When laws are broken, somebody's got to
be punished. In the case of Cindy
McCain, that somebody is Tom Gosinski
You're U.S.
Senator John McCain, and you've got a
big problem.
Your wife, Cindy, was addicted to
prescription painkillers. She stole
pills from a medical-aid charity she
heads and she used the names of
unsuspecting employees to get
prescriptions. The public is about to
find out about it.
Until now, you've managed to keep it all
quiet. When Tom Gosinski, a man your
wife fired, sued for wrongful
termination and threatened to expose the
whole sordid story, you didn't hesitate
to call in the big guns.
John Dowd,
the attorney who got you out of your
Keating Five mess, worked on getting
your wife a sweetheart deal with federal
prosecutors.
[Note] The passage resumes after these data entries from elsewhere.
(* Let $g\ne0$ be a real $M_1\times M_2$ matrix with singular value decomposition $g=VSW^T$, let $d$ be the multiplicity of the largest singular value $\|g\|_2$, and let $V^d,W^d$ be as in the context. If $$\|V^d_{i,*}\|=\sqrt{d/M_1}\ \ \forall i\in\{1,\dots,M_1\}\quad\text{and}\quad \|W^d_{j,*}\|=\sqrt{d/M_2}\ \ \forall j\in\{1,\dots,M_2\},$$ then there exist finite-dimensional Hilbert spaces $\mathcal H_1,\mathcal H_2$, a state $\rho$ on $\mathcal H_1\otimes\mathcal H_2$ and observables $\mathcal A_i(x_i)$ (Hermitian, eigenvalues in $[-1,1]$) with $\sum_{x_1,x_2} g_{x_1,x_2}\operatorname{tr}(\rho\,\mathcal A_1(x_1)\otimes\mathcal A_2(x_2))=\sqrt{M_1M_2}\,\|g\|_2$; i.e. the bound of Theorem 1 is tight for $g$.
   Context: $\|g\|_2$ is the largest singular value of $g$. Singular value decomposition: $V$ orthogonal $M_1\times M_1$, $W$ orthogonal $M_2\times M_2$, $S$ diagonal $M_1\times M_2$ with nonnegative nonincreasing diagonal, $g=VSW^T$. $V^d$ (resp. $W^d$) consists of the first $d$ columns of $V$ (resp. $W$); $A_{i,*}$ denotes the $i$-th row of a matrix $A$ as a column vector. Theorem 1 states $\sum_{x_1,x_2}g_{x_1,x_2}E(x_1,x_2)\le\sqrt{M_1M_2}\|g\|_2$ for all quantum strategies. *)

(* Complex numbers: an arbitrary numClosedFieldType C
   (e.g. algC, or C itself); real numbers = elements with x \is Num.real. *)
From HB Require Import structures.
From mathcomp Require Import all_boot all_order all_algebra.
Set Implicit Arguments. Unset Strict Implicit. Unset Printing Implicit Defensive.
Import Order.TTheory GRing.Theory Num.Theory.
Local Open Scope ring_scope.

Section Defs.
Variable C : numClosedFieldType.

(* decoding of a tensor-product index k : 'I_(m*n) into a pair (i, j),
   inverse of mathcomp's mxvec_index *)
Definition unpair_index m n (k : 'I_(m * n)) : 'I_m * 'I_n :=
  enum_val (cast_ord (esym (mxvec_cast m n)) k).

Definition kron m1 n1 m2 n2 (A : 'M[C]_(m1, n1)) (B : 'M[C]_(m2, n2))
  : 'M[C]_(m1 * m2, n1 * n2) :=
  \matrix_(k, l) (A (unpair_index k).1 (unpair_index l).1
                  * B (unpair_index k).2 (unpair_index l).2).

Definition adjmx m n (A : 'M[C]_(m, n)) : 'M[C]_(n, m) := (map_mx Num.conj A)^T.

Definition hermitian n (A : 'M[C]_n) := adjmx A = A.

Definition psd n (A : 'M[C]_n) :=
  hermitian A /\ forall v : 'cV[C]_n, 0 <= (adjmx v *m A *m v) 0 0.

Definition is_state n (rho : 'M[C]_n) := psd rho /\ \tr rho = 1.

Definition is_observable n (A : 'M[C]_n) :=
  hermitian A /\ forall a : C, eigenvalue A a -> -1 <= a <= 1.

Definition real_mx m n (A : 'M[C]_(m, n)) := forall i j, A i j \is Num.real.

Definition orthogonal_mx n (V : 'M[C]_n) := real_mx V /\ V^T *m V = 1%:M.

Definition diag_rect M1 M2 (sigma : nat -> C) : 'M[C]_(M1, M2) :=
  \matrix_(i, j) (if (i : nat) == j then sigma i else 0).

Definition is_svd M1 M2 (g : 'M[C]_(M1, M2)) (V : 'M[C]_M1) (sigma : nat -> C)
  (W : 'M[C]_M2) :=
  [/\ orthogonal_mx V, orthogonal_mx W,
      forall k, (k < minn M1 M2)%N -> 0 <= sigma k /\ sigma k \is Num.real,
      forall k l, (k <= l < minn M1 M2)%N -> sigma l <= sigma k
    & g = V *m diag_rect M1 M2 sigma *m W^T].

Definition top_multiplicity M1 M2 (sigma : nat -> C) : nat :=
  count (fun k => sigma k == sigma 0%N) (iota 0 (minn M1 M2)).

Definition row_trunc_norm m (V : 'M[C]_m) (d : nat) (i : 'I_m) : C :=
  sqrtC (\sum_(k < m | (k < d)%N) `|V i k| ^+ 2).

End Defs.

From HB Require Import structures.
From mathcomp Require Import all_boot all_order all_algebra.
From mathcomp Require Import ring.
Set Implicit Arguments. Unset Strict Implicit. Unset Printing Implicit Defensive.
Import Order.TTheory GRing.Theory Num.Theory.
Local Open Scope ring_scope.

(* The bound sqrt(M1 M2) ||g||_2 of Theorem 1 is attained by
   "Clifford vector" observables in a maximally entangled state.
   - On C^n (x) C^n the maximally entangled state rho_n satisfies
     tr (rho_n (X (x) Y)) = tr (X Y^T) / n.
   - On C^(2^D) (functions of D bits) the signed bit flips G_0, ..., G_(D-1)
     (Jordan-Wigner matrices) are real symmetric involutions that pairwise
     anticommute; hence for a real unit vector f the matrix
     Op f = sum_k f_k G_k is an observable, and in rho_(2^D) the correlation of
     Op f and Op h is the inner product <f, h>.
   - If g = V S W^T is an SVD whose top singular value sigma_0 has multiplicity
     d, then sigma_k = sigma_0 for k < d, so the first d columns satisfy
     g W^d = sigma_0 V^d.
   Corollary 1 takes D = d, A1(x1) = Op (sqrt(M1/d) V^d_x1) and
   A2(x2) = Op (sqrt(M2/d) W^d_x2), which are observables by the row-norm
   hypotheses; the Bell value is then sqrt(M1 M2)/d * sigma_0 * sum_x1 |V^d_x1|^2
   = sqrt(M1 M2) sigma_0. *)

Lemma unpair_index_bij m n : bijective (@unpair_index m n).
Proof.
rewrite /unpair_index; apply: (bij_comp (enum_val_bij _)).
by exists (cast_ord (mxvec_cast m n)) => k; apply: val_inj.
Qed.

Section MaximallyEntangled.
Variable C : numClosedFieldType.

Lemma sum_unpair m n (F : 'I_m * 'I_n -> C) :
  \sum_k F (unpair_index k) = \sum_p F p.
Proof.
rewrite [RHS](reindex (@unpair_index m n)) //.
exact: onW_bij (unpair_index_bij m n).
Qed.

Lemma sum_delta n (a : 'I_n) (F : 'I_n -> C) : \sum_b (a == b)%:R * F b = F a.
Proof.
rewrite (bigD1 a) //= eqxx mul1r big1 ?addr0 // => b /negbTE.
by rewrite eq_sym => ->; rewrite mul0r.
Qed.

(* Coordinates of the unnormalized maximally entangled vector sum_a e_a (x) e_a. *)
Definition diag_indicator n (k : 'I_(n * n)) : C :=
  ((unpair_index k).1 == (unpair_index k).2)%:R.

Definition maxent n : 'M[C]_(n * n) :=
  \matrix_(k, l) (diag_indicator k * diag_indicator l / n%:R).

Lemma diag_indicator_real n (k : 'I_(n * n)) : diag_indicator k \is Num.real.
Proof. exact: realn. Qed.

Lemma diag_indicator_idem n (k : 'I_(n * n)) :
  diag_indicator k * diag_indicator k = diag_indicator k.
Proof. by rewrite /diag_indicator; case: eqP; rewrite ?mulr0 ?mulr1. Qed.

Lemma tr_maxent_kron n (X Y : 'M[C]_n) :
  \tr (maxent n *m kron X Y) = \tr (X *m Y^T) / n%:R.
Proof.
pose u := @unpair_index n n.
(* Expand both tensor indices into pairs; the state contributes
   delta_ab delta_ce / n, leaving sum_(a,c) X c a * Y c a. *)
have -> : \tr (maxent n *m kron X Y) = \sum_k \sum_l
   (((u k).1 == (u k).2)%:R * ((u l).1 == (u l).2)%:R / n%:R) *
   (X (u l).1 (u k).1 * Y (u l).2 (u k).2).
  by apply: eq_bigr => k _; rewrite !mxE; apply: eq_bigr => l _; rewrite !mxE.
rewrite (sum_unpair (fun p => \sum_l ((p.1 == p.2)%:R * ((u l).1 == (u l).2)%:R
   / n%:R) * (X (u l).1 p.1 * Y (u l).2 p.2))).
under eq_bigr do rewrite (sum_unpair (fun q => ((_ : 'I_n * 'I_n).1 == _.2)%:R
   * (q.1 == q.2)%:R / n%:R * (X q.1 _.1 * Y q.2 _.2))).
transitivity (\sum_a \sum_b \sum_c \sum_e
  ((a == b)%:R * ((c == e)%:R * (X c a * Y e b / n%:R)))).
  rewrite [RHS]pair_bigA /=; apply: eq_bigr => p _.
  rewrite [RHS]pair_bigA /=; apply: eq_bigr => q _.
  by rewrite mulrA mulrA mulrAC -!mulrA.
under eq_bigr do under eq_bigr do under eq_bigr do rewrite -mulr_sumr.
under eq_bigr do under eq_bigr do rewrite -mulr_sumr.
under eq_bigr do rewrite sum_delta.
under eq_bigr do under eq_bigr do rewrite sum_delta.
rewrite /mxtrace exchange_big mulr_suml; apply: eq_bigr => a _.
rewrite mxE mulr_suml; apply: eq_bigr => b _.
by rewrite mxE.
Qed.

Lemma maxent_state n : (0 < n)%N -> is_state (maxent n).
Proof.
move=> n_gt0; split; first split.
- apply/matrixP => k l; rewrite !mxE conj_Creal.
    by rewrite (mulrC (diag_indicator l)).
  by rewrite rpredM ?rpredV ?rpredM ?realn ?diag_indicator_real.
- move=> v; set z := \sum_l diag_indicator l * v l 0.
  have -> : (adjmx v *m maxent n *m v) 0 0 = z^* * z / n%:R.
    have -> : z^* = \sum_k diag_indicator k * (v k 0)^*.
      rewrite /z rmorph_sum; apply: eq_bigr => k _.
      by rewrite rmorphM /= (conj_Creal (diag_indicator_real k)).
    rewrite !mxE; under eq_bigr do rewrite !mxE.
    under eq_bigr do under eq_bigr do rewrite !mxE.
    rewrite mulrAC mulr_sumr; apply: eq_bigr => l _.
    rewrite !mulr_suml; apply: eq_bigr => k _.
    ring.
  by rewrite (mulrC z^*) -normCK divr_ge0 ?exprn_ge0 ?ler0n.
- rewrite /mxtrace; under eq_bigr do rewrite mxE diag_indicator_idem.
  rewrite -mulr_suml (sum_unpair (fun p => (p.1 == p.2)%:R)).
  rewrite -(pair_bigA _ (fun a b => (a == b)%:R)) /=.
  have row_sum (a : 'I_n) : \sum_b ((a == b)%:R : C) = 1.
    rewrite -[RHS](sum_delta a (fun _ => 1)).
    by apply: eq_bigr => b _; rewrite mulr1.
  under eq_bigr do rewrite row_sum.
  by rewrite sumr_const card_ord -[1 *+ n]/(n%:R) divff // pnatr_eq0 -lt0n.
Qed.

End MaximallyEntangled.

Section Clifford.
Variables (C : numClosedFieldType) (D : nat).
(* Let $p$ be a prime, let $e\geq2$ and $d\geq2$ be integers, and let $\mathcal P(p^e,d)\subset\mathbb R^d$ be the convex hull of all $d$-dimensional vector-factorisations of $p^e$ (its vertices are exactly these vector-factorisations $(p^{\beta_1},\dots,p^{\beta_d})$ with $\beta\in\mathbb N^d$, $\sum_i\beta_i=e$). Let $S$ be a non-empty set of vertices of $\mathcal P(p^e,d)$, and define $m(S)=(m_1,\dots,m_d)$ and $M(S)=(M_1,\dots,M_d)$ by $m_i=\min_{(p^{\beta_1},\dots,p^{\beta_d})\in S}\beta_i$ and $M_i=\max_{(p^{\beta_1},\dots,p^{\beta_d})\in S}\beta_i$. If $M(S)-m(S)\in\{0,1\}^d$, then $S$ is contained in the set of vertices of a regular facet of $\mathcal P(p^e,d)$.
   Context: $\mathbb N=\{0,1,2,\dots\}$. A $d$-dimensional vector-factorisation of $N\geq1$ is a vector $(v_1,\dots,v_d)\in\mathbb N^d$ with $v_1\cdots v_d=N$. For $\lambda\in\{1,\dots,\min(e,d-1)\}$, $\mathcal R_\lambda(d,e)$ is the set of all $\alpha\in\mathbb N^d$ with $\min(\alpha_1,\dots,\alpha_d)=0$, $\max(\alpha_1,\dots,\alpha_d)\,d<e+\sum_i\alpha_i$ and $e+\sum_i\alpha_i\equiv\lambda\pmod d$; for such $\alpha$, $\mu(\alpha)$ is the integer with $\mu(\alpha)d+\lambda=e+\sum_i\alpha_i$. A regular facet of $\mathcal P(p^e,d)$ is a facet of the form $F_\alpha=\{x\in\mathcal P(p^e,d):\sum_{i=1}^dp^{\alpha_i}x_i=\lambda p^{\mu(\alpha)+1}+(d-\lambda)p^{\mu(\alpha)}\}$ for some $\lambda\in\{1,\dots,\min(e,d-1)\}$ and $\alpha\in\mathcal R_\lambda(d,e)$; equivalently, the convex hull of $\{(p^{\mu-\alpha_1+\epsilon_1},\dots,p^{\mu-\alpha_d+\epsilon_d}):\epsilon\in\{0,1\}^d,\sum_i\epsilon_i=\lambda\}$ with $\mu=\mu(\alpha)$. *)

From mathcomp Require Import all_boot.
Set Implicit Arguments. Unset Strict Implicit. Unset Printing Implicit Defensive.

(* Vertices of P(p^e,d) are the points (p^b_1,...,p^b_d) with b : 'I_d -> nat
   and \sum_i b_i = e; we represent a vertex by its exponent vector b. *)
Definition is_vertex_exp (d e : nat) (b : {ffun 'I_d -> nat}) : Prop :=
  \sum_(i < d) b i = e.

(* M(S)_i and m(S)_i for a non-empty list S of exponent vectors.
   (The seed of the min is M(S)_i, which is neutral for min on S.) *)
Definition MaxS (d : nat) (S : seq {ffun 'I_d -> nat}) (i : 'I_d) : nat :=
  \max_(b <- S) b i.
Definition MinS (d : nat) (S : seq {ffun 'I_d -> nat}) (i : 'I_d) : nat :=
  \big[minn/MaxS S i]_(b <- S) b i.

Definition in_R (d e lam : nat) (alpha : 'I_d -> nat) : Prop :=
  (exists i : 'I_d, alpha i = 0) /\
  (forall i : 'I_d, alpha i * d < e + \sum_(j < d) alpha j) /\
  (e + \sum_(j < d) alpha j = lam %[mod d]).

(* mu(alpha): the integer with mu * d + lambda = e + \sum alpha *)
Definition mu (d e lam : nat) (alpha : 'I_d -> nat) : nat :=
  (e + \sum_(j < d) alpha j - lam) %/ d.

(* b is (the exponent vector of) a vertex of the regular facet F_alpha, i.e.
   (p^b_i)_i = (p^(mu - alpha_i + eps_i))_i for some eps in {0,1}^d with
   \sum eps = lambda; written additively as b_i + alpha_i = mu + eps_i. *)
Definition vertex_of_regular_facet (d e lam : nat) (alpha : 'I_d -> nat)
    (b : {ffun 'I_d -> nat}) : Prop :=
  exists eps : 'I_d -> bool,
    \sum_(i < d) (eps i : nat) = lam /\
    forall i : 'I_d, b i + alpha i = mu e lam alpha + eps i.

(* All of S lies in a box [m, m + 1] (coordinatewise) with m = m(S), so each
   vertex b of S is m plus the indicator of the coordinates where it exceeds
   m; since \sum b = e, all of them exceed m in the same number t of
   coordinates.  As m_i is attained, t < d.  If 1 <= t, then with c = max m,
   alpha = c - m and lambda = t one gets mu(alpha) = c and b + alpha = c + eps
   with eps the excess indicator of b.  If t = 0, S is a single point, and
   lowering a positive coordinate of m by one reduces to the case t = 1. *)

From mathcomp Require Import all_boot zify.

Set Implicit Arguments.
Unset Strict Implicit.
Unset Printing Implicit Defensive.

Lemma bigminn_mem (T : eqType) (F : T -> nat) x (s : seq T) :
  \big[minn/x]_(c <- s) F c \in x :: map F s.
Proof.
elim: s => [|a s IH]; first by rewrite big_nil mem_head.
rewrite big_cons /minn; case: ltnP => _; first by rewrite !inE eqxx orbT.
by move: IH; rewrite !inE => /orP[->|->]; rewrite ?orbT.
Qed.

Lemma bigminn_le (T : eqType) (F : T -> nat) x (s : seq T) c :
  c \in s -> \big[minn/x]_(a <- s) F a <= F c.
Proof.
elim: s => [|a s IH] //; rewrite big_cons inE => /orP[/eqP ->|/IH].
  exact: geq_minl.
exact: leq_trans (geq_minr _ _).
Qed.

Section RegularFacetOfBox.

Variable d : nat.
Implicit Types (S : seq {ffun 'I_d -> nat}) (f : 'I_d -> nat) (b : {ffun 'I_d -> nat}).

Definition in_box f b : Prop := forall i, f i <= b i <= (f i).+1.

Definition on_regular_facet (e : nat) S : Prop :=
  exists lam : nat, exists alpha : 'I_d -> nat,
    [/\ 1 <= lam, lam <= minn e d.-1, in_R e lam alpha &
        forall b, b \in S -> vertex_of_regular_facet e lam alpha b].

Lemma sum_in_box f b :
  in_box f b -> \sum_(i < d) b i = \sum_(i < d) f i + \sum_(i < d) (f i < b i : nat).
Proof.
move=> fb; rewrite -big_split; apply: eq_bigr => i _ /=.
by have := fb i; case: ltnP => /=; lia.
Qed.

Lemma regular_facet_of_box e S f t :
  1 <= t <= d.-1 -> \sum_(i < d) f i + t = e ->
  (forall b, b \in S -> in_box f b) ->
  (forall b, b \in S -> is_vertex_exp e b) ->
  on_regular_facet e S.
Proof.
move=> /andP[t_gt0 t_le] sum_f box vert.
have d_gt0 : 0 < d by lia.
set c := \max_(i < d) f i.
have f_le_c i : f i <= c by exact: leq_bigmax.
have sum_alpha : e + \sum_(i < d) (c - f i) = c * d + t.
  rewrite -sum_f addnAC -big_split /= (eq_bigr (fun=> c)) => [|i _]; last first.
    by rewrite subnKC.
  by rewrite sum_nat_const card_ord mulnC.
have mu_alpha : mu e t (fun i => c - f i) = c by rewrite /mu sum_alpha addnK mulnK.
exists t, (fun i => c - f i); split => //.
- by rewrite leq_min t_le andbT -sum_f leq_addl.
- split; [|split].
  + have [i0 f_i0] := eq_bigmax f (ltac:(by rewrite card_ord)).
    by exists i0; rewrite /c f_i0 subnn.
  + by move=> i; rewrite sum_alpha; have := f_le_c i; nia.
  + by rewrite sum_alpha modnMDl.
- move=> b bS; exists (fun i => f i < b i); split.
    by have := sum_in_box (box b bS); rewrite (vert b bS) -sum_f => /addnI.
  by move=> i; rewrite mu_alpha; have := box b bS i; have := f_le_c i; case: ltnP => /=; lia.
Qed.

Lemma MinS_le S b i : b \in S -> MinS S i <= b i.
Proof. exact: bigminn_le. Qed.

Lemma MinS_attained S i : S != [::] -> exists2 b, b \in S & b i = MinS S i.
Proof.
case: S => [|b0 S] // _; have := bigminn_mem (fun b => b i) (MaxS (b0 :: S) i) (b0 :: S).
rewrite -/(MinS _ i) inE => /orP[/eqP MinS_max|/mapP[b bS ->]]; last by exists b.
exists b0; rewrite ?mem_head //; apply/eqP; rewrite eqn_leq MinS_le ?mem_head //.
by rewrite MinS_max (leq_bigmax_seq (F := fun b => b i)) ?mem_head.
Qed.

Lemma in_box_MinS S b :
  (forall i, MaxS S i - MinS S i <= 1) -> b \in S -> in_box (MinS S) b.
Proof.
move=> gap bS i; rewrite MinS_le //=.
have := leq_bigmax_seq (P := xpredT) (F := fun c : {ffun 'I_d -> nat} => c i) b bS isT.
by rewrite -/(MaxS S i); have := gap i; lia.
Qed.

Lemma sum_indicator_le_pred (P : pred 'I_d) i0 :
  ~~ P i0 -> \sum_(i < d) (P i : nat) <= d.-1.
Proof.
move=> nP; rewrite (bigD1 i0) //= (negbTE nP) add0n.
apply: (@leq_trans (\sum_(i < d | i != i0) 1)); first by apply: leq_sum => i _; case: (P i).
by rewrite sum1_card cardC1 card_ord.
Qed.

Lemma in_box_excess0 f b :
  in_box f b -> \sum_(i < d) (f i < b i : nat) = 0 -> forall i, b i = f i.
Proof.
move=> fb /eqP; rewrite sum_nat_eq0 => /forallP excess0 i.
by have := excess0 i; have := fb i; case: ltnP => /=; lia.
Qed.

Definition decr_at f (j : 'I_d) : 'I_d -> nat := fun i => f i - (i == j).

Lemma in_box_decr_at f j b : (forall i, b i = f i) -> in_box (decr_at f j) b.
Proof. by move=> bf i; rewrite /decr_at bf; case: (i == j) => /=; lia. Qed.

Lemma sum_decr_at f j : 0 < f j -> \sum_(i < d) decr_at f j i + 1 = \sum_(i < d) f i.
Proof.
move=> fj; rewrite (bigD1 j) // [RHS](bigD1 j) //= /decr_at eqxx.
rewrite (eq_bigr f) => [|i /negbTE ->]; last exact: subn0.
by rewrite addnAC subn1 addn1 prednK.
Qed.

End RegularFacetOfBox.

Theorem lemma5p2 (p e d : nat) (S : seq {ffun 'I_d -> nat}) :
  prime p -> 2 <= e -> 2 <= d ->
  S != [::] ->
  (forall b, b \in S -> is_vertex_exp e b) ->
  (forall i : 'I_d, MaxS S i - MinS S i <= 1) ->
  exists lam : nat, exists alpha : 'I_d -> nat,
    [/\ 1 <= lam, lam <= minn e d.-1, in_R e lam alpha &
        forall b, b \in S -> vertex_of_regular_facet e lam alpha b].
Proof.
(* In exponent coordinates the prime p plays no role. *)
move=> _ e_ge2 d_ge2 S_nil vert gap.
set m := MinS S; have box b : b \in S -> in_box m b by exact: in_box_MinS.
have excess b : b \in S -> \sum_(i < d) (m i < b i : nat) = e - \sum_(i < d) m i.
  by move=> bS; rewrite -(vert b bS) (sum_in_box (box b bS)) addKn.
have i0 : 'I_d by exists 0; lia.
have [b0 b0S b0_i0] := MinS_attained i0 S_nil.
have t_le : e - \sum_(i < d) m i <= d.-1.
  by rewrite -(excess b0 b0S) (sum_indicator_le_pred (P := fun i => m i < b0 i) (i0 := i0)) // b0_i0 ltnn.
have sum_m : \sum_(i < d) m i <= e.
  by rewrite -(vert b0 b0S) (sum_in_box (box b0 b0S)) leq_addr.
case: (posnP (e - \sum_(i < d) m i)) => [t0|t_gt0].
- have S_m b : b \in S -> forall i, b i = m i.
    by move=> bS; apply: in_box_excess0 (box b bS) _; rewrite excess.
  have [j m_j] : exists j, 0 < m j.
    apply/existsP; apply: contraTT e_ge2; rewrite negb_exists => /forallP m0.
    rewrite -(vert b0 b0S) (eq_bigr (fun=> 0)) ?big1 // => i _.
    by rewrite S_m //; have := m0 i; rewrite lt0n negbK => /eqP.
  apply: (regular_facet_of_box (f := decr_at m j) (t := 1)); rewrite ?vert //.
  + by apply/andP; split; lia.
  + by rewrite sum_decr_at //; lia.
  + by move=> b bS; apply: in_box_decr_at; exact: S_m.
- apply: (regular_facet_of_box (f := m) (t := e - \sum_(i < d) m i)); rewrite ?vert ?box //.
  + by rewrite t_gt0 t_le.
  + by rewrite subnKC.
Qed.
(* A word  ◁ d_1 ... d_k ▷'  with binary digits 0_2, 1_2 and ternary digits
   0_3, 1_3, 2_3 is read as a mixed-radix numeral x (starting from 1), and
   encodes the odd number 2x+1.  The rules of A (swapping a binary digit past
   a ternary one) and of B (turning a ternary digit next to ◁ into binary
   digits) preserve this value, while every rule  p ▷' -> q ▷'  of D_S turns
   the numeral of n into the numeral of S(n) ([implements_S_step]).

   (=>) If every nonconvergent trajectory meets the residue c (c = 1 for S_1,
   c = 5 for S_2), then so does every trajectory of an odd n > 1.  The
   lexicographic triple (sum over ▷' of the hitting time of residue c,
   number of ternary digits, binary/ternary inversions) then decreases
   under every rule, so the system terminates.

   (<=) From an odd nonconvergent n avoiding the residue c we build an
   infinite rewrite sequence: as long as the numeral has a ternary digit,
   an A- or B-rule applies to the leftmost one; once it is purely binary,
   n mod 8 <> c forces its last digits to match a D_S rule of the system,
   which performs one step of S.  The value stays "bad" forever. *)

From Stdlib Require Import List Arith Lia ZifyNat.
From Stdlib Require Import Classical ClassicalEpsilon ConstructiveEpsilon.
From Stdlib Require Import Relation_Operators Lexicographic_Product.
Import ListNotations.

Lemma traj_succ n k : traj n (S k) = traj (Smap n) k.
Proof. unfold traj. apply Nat.iter_succ_r. Qed.

Ltac compute_Smap :=
  unfold Smap;
  repeat match goal with |- context [Nat.eqb ?a ?b] => destruct (Nat.eqb_spec a b) end;
  lia.

Lemma Smap_eq_1 m : Smap m = 1 -> m = 1 \/ m = 5.
Proof. intro H. revert H. compute_Smap. Qed.

Definition reaches (c n : nat) : Prop := exists k, traj n k mod 8 = c.

Definition trajectories_reach (c : nat) : Prop :=
  forall n, Nat.odd n = true -> nonconvergent n -> reaches c n.

(* A convergent trajectory of n <> 1 enters 1 through 5. *)
Lemma convergent_reaches_5 n : n <> 1 -> ~ nonconvergent n -> reaches 5 n.
Proof.
  intros Hn Hconv. apply not_all_not_ex in Hconv as [k Hk].
  destruct (epsilon_smallest (fun k => traj n k = 1) (fun k => Nat.eq_dec _ 1)
              (ex_intro _ k Hk)) as [[|m] [Hm Hmin]].
  - contradiction.
  - exists m. change (Smap (traj n m) = 1) in Hm.
    destruct (Smap_eq_1 _ Hm) as [H1 | ->]; [| reflexivity].
    specialize (Hmin m H1). lia.
Qed.
Lemma simple_of_BAC (Sigma : finType) (a : Sigma) (P : product_rule) :
  BAC Sigma P -> simple P.
Proof.
move=> [BD [BZ [BA BC]]]; pose s := @series_of_pair Sigma.
pose E := rule_eval P.
have ED x0 x1 y0 y1 z0 z1 : E (x0 + y0) (x1 + y1) z0 z1 = E x0 x1 z0 z1 + E y0 y1 z0 z1.
  by have := BD (s x0 x1) (s y0 y1) (s z0 z1) [:: a]; rewrite /sadd !pprod_single.
have EZ d x0 x1 y0 y1 : E (d * x0) (d * x1) y0 y1 = d * E x0 x1 y0 y1.
  by have := BZ d (s x0 x1) (s y0 y1) [:: a]; rewrite /sscale !pprod_single.
have EC x0 x1 y0 y1 : E x0 x1 y0 y1 = E y0 y1 x0 x1.
  by have := BC (s x0 x1) (s y0 y1) [:: a]; rewrite !pprod_single.
have EA x0 x1 y0 y1 z0 z1 :
    E x0 x1 (y0 * z0) (E y0 y1 z0 z1) = E (x0 * y0) (E x0 x1 y0 y1) z0 z1.
  by have := BA (s x0 x1) (s y0 y1) (s z0 z1) [:: a]; rewrite !pprod_single.
(* The coefficients are abstracted so that rewriting with [EE] terminates. *)
have [al [be [ga EE]]] : exists al be ga, forall x0 x1 y0 y1,
    E x0 x1 y0 y1 = al * x0 * y0 + be * (x0 * y1 + x1 * y0) + ga * x1 * y1.
  by do 3 eexists; apply: symmetric_bilinear_formE.
exists al, be, ga; split.
  by have := EA 1 0 1 0 0 1; rewrite !EE => e; ring: e.
apply/eqP; rewrite -subr_eq0; apply/eqP; apply: mpoly_eq0_of_meval => v.
rewrite mevalB term_poly_mevalE -/E EE /= !(mevalD, mevalZ, mevalM, mevalXU); ring.
Qed.

Theorem mainTheorem2 (Sigma : finType) (hSigma : (0 < #|Sigma|)%N)
    (P : product_rule) :
  BAC Sigma P <-> simple P.
Proof.
split; first by have [a _] := card_gt0P hSigma; apply: simple_of_BAC.
by move=> [a [b [c [abc_rel P_simple]]]]; apply: BAC_of_simple abc_rel P_simple.
Qed.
He also made Gosinski's
lawsuit go away.
He didn't
stop there.
To help maintain your reputation and
discredit your wife's accuser, Dowd
called Maricopa County Attorney Richard
Romley and complained that Gosinski was
trying to extort money. Romley, your
Republican ally, promptly launched an
extortion investigation.
But now
New Times makes a public records
request for documents in the extortion
case. It's only a matter of days before
the story gets out.
Here's what
the senator does.
He calls in another big gun, political
strategist Jay Smith, who conceives a
rather remarkable plan.
On August
19--just three days before the records
are to be made public--Smith parades
your wife before a select group of
journalist friends. She tells a tale of
pain and triumph, and, incredibly, all
the reporters agree to sit on the story
until August 22. When Cindy McCain says
her confession is intended to quell
rumors and to inspire other druggies to
turn their lives around, the journalists
lap it up. They write about her
"bravery." The first round of stories is
one-sided. There is no mention of Tom
Gosinski or Romley's extortion
investigation.
Read the whole story here ...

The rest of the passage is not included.